Task data:
══════
Lemma K4_of_theta_chord (w t x y : T) A1 A2 B :
  e w t -> spath e w t A1 -> spath e w t A2 -> ~~ has [in A1] A2 ->
  x \in A1 -> y \in A2 -> spath e x y B ->
  ~~ has [in A1] B -> ~~ has [in A2] B -> w \notin B -> t \notin B ->
  has_K4_subdivision e.
Proof.
move=> ewt + + + xA1 yA2.
case/splitPr: xA1 => a1 a2; case/splitPr: yA2 => c1 c2.
move=> /andP [P1 U1] /andP [P2 U2] D12 /andP [P3 U3] D13 D23 wB tB.
move: P1 P2; rewrite !rcons_cat !rcons_cons !path_cat_cons.
move=> /andP [pa1 pa2] /andP [pc1 pc2].
apply: (K4_of_paths pa1 pa2 ewt pc1 (path_rcons_rev esym pc2) P3).
by move: U1 U2 U3 D12 D13 D23 wB tB; seq_facts.
Qed.

Lemma K4_of_bridge (w t x0 y0 : T) A1 A2 :
  e w t -> spath e w t A1 -> spath e w t A2 -> ~~ has [in A1] A2 ->
  x0 \in A1 -> y0 \in A2 -> connect_in e (~: [set w; t]) x0 y0 ->
  has_K4_subdivision e.
Proof.
move=> ewt P1 P2 D12 x0A1 y0A2 c.
have x0A2 : x0 \notin A2 by apply: contra D12 => x0A2; apply/hasP; exists x0.
have x0y0 : x0 != y0 by apply: contraNneq x0A2 => ->.
have [q Pq qS] := connect_in_spath c x0y0.
have [||B0 [y [rest [Eq yA2 B0A2]]]] := @split_first _ [in A2] x0 (rcons q y0).
- exact: x0A2.
- by rewrite last_rcons.
have [|X1 [x [X2 [EX xA1 X2A1]]]] := @split_last _ [in A1] (x0 :: B0).
  by rewrite /= x0A1.
have PX2 : spath e x y X2 := spath_suffix (spath_prefix Pq Eq) EX.
have X2B0 : {subset X2 <= B0}.
  move=> z zX2; have : z \in x0 :: B0 by rewrite EX mem_cat inE zX2 !orbT.
  rewrite inE => /orP [/eqP zx0 | //].
  by move: (allP X2A1 z zX2); rewrite /= zx0 x0A1.
have B0q : {subset B0 <= q}.
  move=> z zB0; have : z \in rcons q y0 by rewrite Eq mem_cat zB0.
  rewrite mem_rcons inE => /orP [/eqP zy0 | //].
  by move: (allP B0A2 z zB0); rewrite /= zy0 y0A2.
have X2S z : z \in X2 -> z \in ~: [set w; t] by move=> /X2B0 /B0q /(allP qS).
apply: (K4_of_theta_chord ewt P1 P2 D12 xA1 yA2 PX2).
- by apply/hasPn => z /(allP X2A1).
- by apply/hasPn => z /X2B0 /(allP B0A2).
- by apply/negP => /X2S; rewrite !inE eqxx.
- by apply/negP => /X2S; rewrite !inE eqxx orbT.
Qed.
(* Let $H$ be a non-cocommutative semisimple Hopf algebra over $k$ with a subgroup $G\subseteq G(H)$ of index $[H:kG]=2$, so that as a coalgebra $H\simeq kG\oplus M_d(k)^{\oplus n}$ with $d>1$, $|G|=d^2n$. Let $\Gamma\subseteq G$ be the common stabilizer, under left multiplication, of the irreducible characters of degree $d$, and write $H$, via the cocentral abelian exact sequence $k\to k^{\widehat\Gamma}\to H\to kF\to k$, as a bicrossed product $k^{\widehat\Gamma}\,{}^\tau\#_\sigma kF$ with cocycles $\sigma:F\times F\to(k^{\widehat\Gamma})^\times$ and $\tau:\widehat\Gamma\times\widehat\Gamma\to(k^F)^\times$, $\tau(s,t)=\sum_{y\in F}\tau_y(s,t)e_y$. Let $F_0=\{x\in F: [\tau_x]=1\}$. Then there is an exact sequence of groups $1\to\Gamma\to G\to F_0\to1$. In particular $|F_0|=n$.
   Context: $k$ is an algebraically closed field of characteristic zero; $M_d(k)$ is the matrix coalgebra of dimension $d^2$. Irreducible characters of $H$ are characters of simple $H$-comodules viewed as elements of $H$. $\widehat\Gamma$ is the character group of the abelian group $\Gamma$, and $k\Gamma\cong k^{\widehat\Gamma}$ is a normal Hopf subalgebra with $H/H(k\Gamma)^+\cong kF$; the extension is cocentral, i.e. the matched-pair action of $\widehat\Gamma$ on $F$ is trivial, so each $\tau_x:\widehat\Gamma\times\widehat\Gamma\to k^\times$ is a normalized $2$-cocycle and $[\tau_x]$ is its class in $H^2(\widehat\Gamma,k^\times)$. The bicrossed product has multiplication $(e_s\#x)(e_t\#y)=\delta_{s\triangleleft x,t}\sigma_s(x,y)e_s\#xy$ and comultiplication $\Delta(e_s\#x)=\sum_{gh=s}\tau_x(g,h)e_g\#x\otimes e_h\#x$. *)

(* Finite-dimensional Hopf algebras presented concretely on
   the coordinate space 'rV[k]_N with basis b_i = delta_mx 0 i;
   H (x) H is identified with 'M[k]_N (entry (i,j) = coefficient of b_i (x) b_j). *)
From HB Require Import structures.
From mathcomp Require Import all_boot all_order all_algebra all_fingroup.
From mathcomp Require Import boolp.
Set Implicit Arguments. Unset Strict Implicit. Unset Printing Implicit Defensive.
Import GRing.Theory.
Local Open Scope ring_scope.

Section Hopf.
Variables (k : fieldType) (N : nat).
Local Notation V := 'rV[k]_N.

Record hopf_data := HopfData {
  hmulc : 'I_N -> 'I_N -> V;
  hunit : V;
  hcomulc : 'I_N -> 'M[k]_N;
  hcounitc : 'I_N -> k;
  hantic : 'I_N -> V }.

Definition bvec (i : 'I_N) : V := delta_mx 0 i.

Definition tens (u v : V) : 'M[k]_N := u^T *m v.

Variable H : hopf_data.

Definition hmul (u v : V) : V :=
  \sum_(i < N) \sum_(j < N) (u 0 i * v 0 j) *: hmulc H i j.
Definition comul (u : V) : 'M[k]_N := \sum_(i < N) u 0 i *: hcomulc H i.
Definition counit (u : V) : k := \sum_(i < N) u 0 i * hcounitc H i.
Definition anti (u : V) : V := \sum_(i < N) u 0 i *: hantic H i.

Definition tmul (M M' : 'M[k]_N) : 'M[k]_N :=
  \sum_(i < N) \sum_(j < N) \sum_(i' < N) \sum_(j' < N)
     (M i j * M' i' j') *: tens (hmul (bvec i) (bvec i')) (hmul (bvec j) (bvec j')).

Definition is_hopf : Prop :=
  (forall u v w, hmul (hmul u v) w = hmul u (hmul v w)) /\
      (forall u, hmul (hunit H) u = u /\ hmul u (hunit H) = u) /\
      (forall u (i j l : 'I_N),
          \sum_(p < N) comul u p l * comul (bvec p) i j
        = \sum_(q < N) comul u i q * comul (bvec q) j l) /\
      (forall u (i : 'I_N),
          \sum_(p < N) comul u p i * counit (bvec p) = u 0 i
       /\ \sum_(q < N) comul u i q * counit (bvec q) = u 0 i) /\
      (forall u v, comul (hmul u v) = tmul (comul u) (comul v)
                   /\ counit (hmul u v) = counit u * counit v) /\
      (comul (hunit H) = tens (hunit H) (hunit H) /\ counit (hunit H) = 1) /\
      (forall u,
          \sum_(i < N) \sum_(j < N) comul u i j *: hmul (anti (bvec i)) (bvec j)
            = counit u *: hunit H
       /\ \sum_(i < N) \sum_(j < N) comul u i j *: hmul (bvec i) (anti (bvec j))
            = counit u *: hunit H).

Definition cocommutative : Prop := forall u, (comul u)^T = comul u.

Definition hprod (s : seq V) : V := foldr hmul (hunit H) s.

(* semisimple (as an algebra): the only nilpotent two-sided ideal is 0,
   i.e. the Jacobson radical vanishes *)
Definition two_sided_ideal (I : {vspace V}) : Prop :=
  forall x y, y \in I -> hmul x y \in I /\ hmul y x \in I.
Definition nilpotent_ideal (I : {vspace V}) : Prop :=
  exists m : nat, forall s : seq V, size s = m.+1 -> all (fun x => x \in I) s ->
    hprod s = 0.
Definition semisimple : Prop :=
  forall I : {vspace V}, two_sided_ideal I -> nilpotent_ideal I -> I = 0%VS.

Definition grouplike (g : V) : Prop := comul g = tens g g /\ counit g = 1.

(* d^2 linearly independent elements forming a matrix coalgebra basis
   (the matrix coefficients of a simple d-dimensional comodule) *)
Definition matcoalg (d : nat) (e : 'I_d -> 'I_d -> V) : Prop :=
  [/\ free [seq e p.1 p.2 | p <- enum {: 'I_d * 'I_d}],
      (forall i j, comul (e i j) = \sum_(l < d) tens (e i l) (e l j)) &
      (forall i j, counit (e i j) = (i == j)%:R)].

Definition irr_char (d : nat) (chi : V) : Prop :=
  exists e : 'I_d -> 'I_d -> V, matcoalg e /\ chi = \sum_(i < d) e i i.

End Hopf.

(* [c] = 1 in H^2(A, k^x) (trivial action) *)
Definition trivial_class (k : fieldType) (A : finGroupType) (c : A -> A -> k) : Prop :=
  exists mu : A -> k, (forall g, mu g != 0) /\
    forall g h, c g h = mu g * mu h / mu (g * h)%g.

(* A grouplike element g of k^Gammahat #_sigma^tau kF lies in a single fibre
   k^Gammahat # x, and writing g = sum_s mu_s e_s # x, the equation
   Delta g = g (x) g reads mu_(st) tau_x(s, t) = mu_s mu_t, so [tau_x] = 1.
   The fibre map g |-> x is multiplicative on G, and its kernel is Gamma because
   the fibre over 1 spans kGamma.  Conversely, Gamma fixes the character chi_l of
   each simple subcoalgebra C_l = M_d(k), so chi_l lies in the fibre over 1 of
   k^Gammahat # F; for y in its support, contracting Delta chi_l shows that the
   fibre over y and C_l span each other.  Hence |Gammahat| = d^2, and a
   trivialization of tau_y would produce a grouplike element of M_d(k), which
   does not exist for d > 1.  Distinct l give distinct y, so at least n of the
   2n classes [tau_x] are nontrivial, whereas G, of dimension d^2 n, lies in the
   fibres over its image.  So the image of G is exactly F_0 and |F_0| = n. *)

From HB Require Import structures.
From mathcomp Require Import all_boot all_order all_algebra all_fingroup.
From mathcomp Require Import boolp ring.
Set Implicit Arguments. Unset Strict Implicit. Unset Printing Implicit Defensive.
Import GRing.Theory.
Local Open Scope ring_scope.

Lemma sum_delta (V : nmodType) (I : finType) (F : I -> V) a :
  \sum_i (if i == a then F i else 0) = F a.
Proof. by rewrite -big_mkcond big_pred1_eq. Qed.

Section FreeFamilies.
Variables (k : fieldType) (N : nat).
Local Notation V := 'rV[k]_N.

Lemma free_size_leq_span (X Y : seq V) :
  free X -> {subset X <= <<Y>>%VS} -> (size X <= size Y)%N.
Proof.
move=> fX sXY; rewrite -(eqP fX); apply: leq_trans (dim_span Y).
by apply: dimvS; apply/span_subvP.
Qed.

Lemma sub_free (X Y : seq V) : free Y -> uniq X -> {subset X <= Y} -> free X.
Proof.
move=> fY uX sXY; have uYX := filter_uniq (mem X) (free_uniq fY).
rewrite -(perm_free (uniq_perm uYX uX _)) ?filter_free // => x.
by rewrite mem_filter; apply/andP/idP => [[]|xX] //; split=> //; exact: sXY.
Qed.

Lemma free_cat_span_cap (X Y : seq V) v :
  free (X ++ Y) -> v \in <<X>>%VS -> v \in <<Y>>%VS -> v = 0.
Proof.
rewrite cat_free => /and3P[_ _ /directv_addP dXY] vX vY.
by apply/eqP; rewrite -memv0 -dXY memv_cap vX vY.
Qed.

Lemma free_mem_span_filter (X : seq V) (P : pred V) x :
  free X -> x \in X -> x \in <<filter P X>>%VS -> P x.
Proof.
move=> fX xX xP; apply/negPn/negP => nPx.
have fPC : free (filter P X ++ filter (predC P) X).
  by rewrite (perm_free (etrans (perm_filterC P X _) (perm_refl X))).
have xC : x \in filter (predC P) X by rewrite mem_filter /= nPx.
by move: (free_not0 fX xX); rewrite (free_cat_span_cap fPC xP (memv_span xC)) eqxx.
Qed.

Section Family.
Variables (I : finType) (u : I -> V).
Hypothesis fu : free (codom u).

Lemma free_codom_inj : injective u.
Proof. by apply/injectiveP; exact: free_uniq fu. Qed.

Lemma free_codom_dual i : {c : 'cV[k]_N | forall j, (u j *m c) 0 0 = (j == i)%:R}.
Proof.
pose delta_i := [seq ((x == u i)%:R : k^o) | x <- codom u].
have [f /(_ fu)] := @linear_of_free _ _ k^o (codom u) delta_i.
rewrite size_map => /(_ erefl) fm.
exists (\col_m f (delta_mx 0 m)) => j.
have -> : (j == i)%:R = f (u j).
  have uj : u j \in codom u by exact: codom_f.
  have := congr1 (nth 0 ^~ (index (u j) (codom u))) fm.
  by rewrite !(nth_map 0) ?index_mem // nth_index // (inj_eq free_codom_inj).
rewrite {2}(row_sum_delta (u j)) linear_sum /= mxE; apply: eq_bigr => m _.
by rewrite linearZ /= mxE.
Qed.

Definition dualv i := sval (free_codom_dual i).

Lemma dualvE i j : (u j *m dualv i) 0 0 = (j == i)%:R.
Proof. exact: (svalP (free_codom_dual i)). Qed.
(* Let $G$ be a finite group, $\varphi\colon T\to S$ a morphism of $G$-Tambara functors, and $J$ a radical Tambara ideal of $S$. Then the levelwise preimage $\varphi^{-1}(J)$, defined by $\varphi^{-1}(J)(G/H)=\varphi_H^{-1}(J(G/H))$, is a radical Tambara ideal of $T$.
   Context: All rings are commutative with unit. A $G$-Tambara functor $T$ consists of commutative rings $T(G/H)$ for subgroups $H\le G$ with restriction ring maps, additive transfer maps, multiplicative norm maps and conjugation isomorphisms satisfying the standard Tambara axioms (Hill–Mazur). A morphism $\varphi\colon T\to S$ is a family of ring homomorphisms $\varphi_H\colon T(G/H)\to S(G/H)$ commuting with all restrictions, transfers, norms and conjugations. A Tambara ideal is a family of ring ideals $I(G/H)\subseteq T(G/H)$ closed under restriction, transfer, norm and conjugation. $\langle x\rangle$ is the Tambara ideal generated by $x$; products of Tambara ideals are generated by levelwise products. The radical $\sqrt I$ has $\sqrt I(G/H)=\{x\mid \langle x\rangle^n\subseteq I\text{ for some }n\ge1\}$; $I$ is radical if $I=\sqrt I$. *)

(* G-Tambara functors for a finite group G, indexed by the
   subgroups H of G (G is a subgroup of a finGroupType gT). *)
From HB Require Import structures.
From mathcomp Require Import all_boot all_order all_algebra all_fingroup.

Set Implicit Arguments.
Unset Strict Implicit.
Unset Printing Implicit Defensive.

Import GRing.Theory.
Local Open Scope ring_scope.

Section Tambara.

Variable gT : finGroupType.

Definition cjG (K : {group gT}) (g : gT) : {group gT} := (K :^ g)%G.
Definition capG (A B : {group gT}) : {group gT} := (A :&: B)%G.
Definition genG (A : {set gT}) : {group gT} := (<<A>>)%G.

Definition dc_transversal (H L K R : {set gT}) : Prop :=
  R \subset H /\
  forall h, h \in H -> exists! g, g \in R /\ h \in ((L :* g) * K)%g.

Definition act_sets (h : gT) (U : {set {set gT}}) : {set {set gT}} :=
  [set (h *: C)%g | C in U].

Definition stabS (H : {set gT}) (U : {set {set gT}}) : {group gT} :=
  genG [set h in H | act_sets h U == U].

Definition subsets_transversal (H K : {set gT}) (RU : {set {set {set gT}}}) :=
  (forall U, U \in RU -> U \subset lcosets K H) /\
  forall U', U' \subset lcosets K H ->
    exists! U, U \in RU /\ exists2 h, h \in H & U' = act_sets h U.

Definition orbit_reps (M K : {set gT}) (U : {set {set gT}}) (Q : {set gT}) :=
  (forall q, q \in Q -> (q *: K)%g \in U) /\
  forall C, C \in U -> exists! q, q \in Q /\ C \subset ((M :* q) * K)%g.

(* sections s : H/K -> H/L of the projection H/L -> H/K (L <= K <= H),
   extended by the empty set outside H/K *)
Definition is_section (H K L : {set gT}) (s : {ffun {set gT} -> {set gT}}) :=
  forall C, if C \in lcosets K H then s C \in lcosets L H /\ s C \subset C
            else s C = set0.

Definition act_sec (h : gT) (s : {ffun {set gT} -> {set gT}}) :
  {ffun {set gT} -> {set gT}} := [ffun C => (h *: s (h^-1 *: C))%g].

Definition stabF (H : {set gT}) (s : {ffun {set gT} -> {set gT}}) : {group gT} :=
  genG [set h in H | act_sec h s == s].

Definition sections_transversal (H K L : {set gT})
    (RS : {set {ffun {set gT} -> {set gT}}}) :=
  (forall s, s \in RS -> is_section H K L s) /\
  forall s', is_section H K L s' ->
    exists! s, s \in RS /\ exists2 h, h \in H & s' = act_sec h s.

Definition section_reps (H M K L : {set gT}) (s : {ffun {set gT} -> {set gT}})
    (Q : {set gT}) :=
  (forall q, q \in Q -> s (q *: K)%g = (q *: L)%g) /\
  forall C, C \in lcosets K H -> exists! q, q \in Q /\ C \subset ((M :* q) * K)%g.

Definition addhom (R S : comPzRingType) (f : R -> S) :=
  forall x y, f (x + y) = f x + f y.
Definition rhom (R S : comPzRingType) (f : R -> S) :=
  addhom f /\ (forall x y, f (x * y) = f x * f y) /\ f 1 = 1.

(* ---------- Tambara data ----------
   tres H K : T(G/H) -> T(G/K)    restriction  (K <= H)
   ttr  H K : T(G/K) -> T(G/H)    transfer     (K <= H)
   tnm  H K : T(G/K) -> T(G/H)    norm         (K <= H)
   tcj g H K : T(G/H) -> T(G/K)   conjugation  (K = H :^ g = g^-1 H g)
   The maps are total; the axioms only constrain them on valid indices. *)
Record tambara_data := TambaraData {
  tR : {group gT} -> comPzRingType;
  tres : forall H K : {group gT}, tR H -> tR K;
  ttr : forall H K : {group gT}, tR K -> tR H;
  tnm : forall H K : {group gT}, tR K -> tR H;
  tcj : gT -> forall H K : {group gT}, tR H -> tR K
}.
Arguments tres : clear implicits.
Arguments ttr : clear implicits.
Arguments tnm : clear implicits.
Arguments tcj : clear implicits.

Section TamLaws.
Variables (G : {group gT}) (T : tambara_data).

Local Notation res := (tres T).
Local Notation tr := (ttr T).
Local Notation nm := (tnm T).
Local Notation cj := (tcj T).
══════
Goal of the exercise: Copy out all lines of the material containing the word "finType".

Answer:
Lemma sum_delta (V : nmodType) (I : finType) (F : I -> V) a :
Variables (I : finType) (u : I -> V).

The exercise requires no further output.